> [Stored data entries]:
== Segment start ==

Definition occs : list occ :=
  flat_map (fun i => map (pair i) (seq 0 (slots i))) (seq 0 (length conjuncts)).

Lemma occs_spec q : In q occs <-> Occ q.
Proof.
  unfold occs, Occ, slots. rewrite in_flat_map. destruct q as [i k]. simpl. split.
  - intros [i' [_ Hq]]. apply in_map_iff in Hq. destruct Hq as [k' [E Hk]].
    injection E as <- <-. apply in_seq in Hk. lia.
  - intros Hk. exists i. split.
    + apply in_seq. destruct (nth_error conjuncts i) eqn:E; [|lia].
      assert (i < length conjuncts) by (apply nth_error_Some; congruence). lia.
    + apply in_map, in_seq. lia.
Qed.

Lemma Occ_bound q : Occ q -> fst q < length conjuncts.
Proof.
  unfold Occ, slots. destruct (nth_error conjuncts (fst q)) eqn:E; [|lia].
  intros _. apply nth_error_Some. congruence.
Qed.

Definition tags : list (occ * occ) := list_prod occs occs.
Definition width : nat := S (length tags).

Definition tagof (c : Fin.t width) : option (occ * occ) :=
  match proj1_sig (Fin.to_nat c) with 0 => None | S m => nth_error tags m end.

Lemma tagof_valid c p p' : tagof c = Some (p, p') -> Occ p /\ Occ p'.
Proof.
  unfold tagof. destruct (Fin.to_nat c) as [[|m] Hm]; simpl; [discriminate|].
  intros E. apply nth_error_In, in_prod_iff in E. rewrite !occs_spec in E. exact E.
Qed.

Lemma tagof_onto p p' : Occ p -> Occ p' -> exists c, tagof c = Some (p, p').
Proof.
  intros Hp Hp'. assert (Ht : In (p, p') tags) by (apply in_prod; apply occs_spec; auto).
  destruct (In_nth_error _ _ Ht) as [m Em].
  assert (Hm : S m < width) by (apply -> Nat.succ_lt_mono; apply nth_error_Some; congruence).
  exists (Fin.of_nat_lt Hm). unfold tagof. rewrite Fin.to_nat_of_nat. exact Em.
Qed.

Definition comp (t : option (occ * occ)) : Heap :=
  match t with None => h | Some _ => hjoin h (hcell B 0%Z) end.

Lemma comp_h t l v : hval h l = Some v -> hval (comp t) l = Some v.
Proof. intros H. destruct t; simpl; rewrite H; auto. Qed.

Lemma comp_B t : t <> None -> hval (comp t) B = Some 0%Z.
Proof.
  intros Ht. destruct t; [|congruence]. simpl. rewrite HB.
  destruct (Pos.eq_dec B B); congruence.
Qed.

Definition own (t : option (occ * occ)) (q : occ) (l : positive) : Prop :=
  match t with
  | None => False
  | Some (p, p') =>
      (l = B /\ (q = p \/ q = p') /\ (p = p' \/ fst p <> fst p')) \/
      (l <> B /\ q = p /\ p' = p /\ hval (hs (fst p)) l = None)
  end.

Lemma own_excl t q q' l : fst q = fst q' -> q <> q' -> own t q l -> own t q' l -> False.
Proof.
  destruct t as [[p p']|]; simpl; [|tauto]. intros Hf Hne.
  intros [[El [Hq Hpp]]|[Hl [Eq _]]] [[El' [Hq' _]]|[Hl' [Eq' _]]]; try congruence.
  destruct Hpp as [<-|Hpp]; destruct Hq as [->| ->], Hq' as [->| ->]; congruence.
Qed.

Lemma own_occ c q l : own (tagof c) q l -> Occ q.
Proof.
  destruct (tagof c) as [[p p']|] eqn:E; simpl; [|tauto].
  destruct (tagof_valid _ _ _ E) as [Hp Hp'].
  intros [[_ [[->| ->] _]]|[_ [-> _]]]; auto.
Qed.

Lemma own_hs t i k l v : hval (hs i) l = Some v -> i < length conjuncts -> ~ own t (i, k) l.
Proof.
  intros Hl Hi. pose proof (Hsub i Hi l v Hl) as Hh. destruct t as [[p p']|]; simpl; [|tauto].
  intros [[-> _]|[_ [<- [_ E]]]]; [congruence|]. simpl in E. congruence.
Qed.

Definition model : tuple width := fun c => comp (tagof c).

Definition G (q : occ) : tuple width :=
  fun c => hrestrict (model c) (own (tagof c) q).

Definition F (i : nat) : tuple width :=
  fun c => hrestrict (model c) (fun l => ~ exists k, own (tagof c) (i, k) l).

Definition model_rho (a : avar) : hset width :=
  fun g => exists q, Occ q /\ var q = a /\ tsub (G q) g.

Lemma model_rho_upclosed a : upclosed (model_rho a).
Proof.
  intros g g' [q [Hq [Hv Hg]]] Hgg'. exists q. repeat split; auto. eapply tsub_trans; eauto.
Qed.

Lemma G_overlap q q' : Occ q -> Occ q' -> q = q' \/ fst q <> fst q' ->
  exists c, hval (G q c) B = Some 0%Z /\ hval (G q' c) B = Some 0%Z.
Proof.
  intros Hq Hq' Hqq. destruct (tagof_onto q q' Hq Hq') as [c Ec]. exists c.
  unfold G, model. rewrite Ec, !hrestrict_in by (simpl; tauto).
  split; apply comp_B; discriminate.
Qed.

Lemma G_separated q q' g g' : Occ q -> Occ q' -> tsub (G q) g -> tsub (G q') g' ->
  tdisj g g' -> fst q = fst q' /\ q <> q'.
Proof.
  intros Hq Hq' Sg Sg' D.
  assert (Hn : ~ (q = q' \/ fst q <> fst q')).
  { intros Hqq. destruct (G_overlap q q' Hq Hq' Hqq) as [c [E1 E2]].
    exact (hdisj_clash _ _ _ _ _ (D c) (Sg c _ _ E1) (Sg' c _ _ E2)). }
  destruct (Nat.eq_dec (fst q) (fst q')); tauto.
Qed.

Lemma meet_below_hs q f g : Occ q -> tsub (G q) g -> tdisj f g -> tsub f model ->
  hsub (meet f) (hs (fst q)).
Proof.
  intros Hq Sg D Sf l v Hl.
  assert (Hh : hval h l = Some v) by exact (Sf Fin.F1 l v (meet_sub f Fin.F1 l v Hl)).
  destruct (hval (hs (fst q)) l) as [w|] eqn:E.
  - rewrite (Hsub _ (Occ_bound q Hq) l w E) in Hh. congruence.
  - exfalso. destruct (tagof_onto q q Hq Hq) as [c Ec].
    assert (Hg : hval (g c) l = Some v).
    { apply Sg. unfold G, model. rewrite Ec, hrestrict_in.
      - apply comp_h, Hh.
      - simpl. right. repeat split; auto. congruence. }
    exact (hdisj_clash _ _ _ _ _ (D c) (meet_sub f c l v Hl) Hg).
Qed.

== Segment end ==

> [DESCRIPTION OF THE TASK]: Only the number of lines above that contain "exists" should be given as the answer.

> [ANSWER TO THE EXERCISE]: 8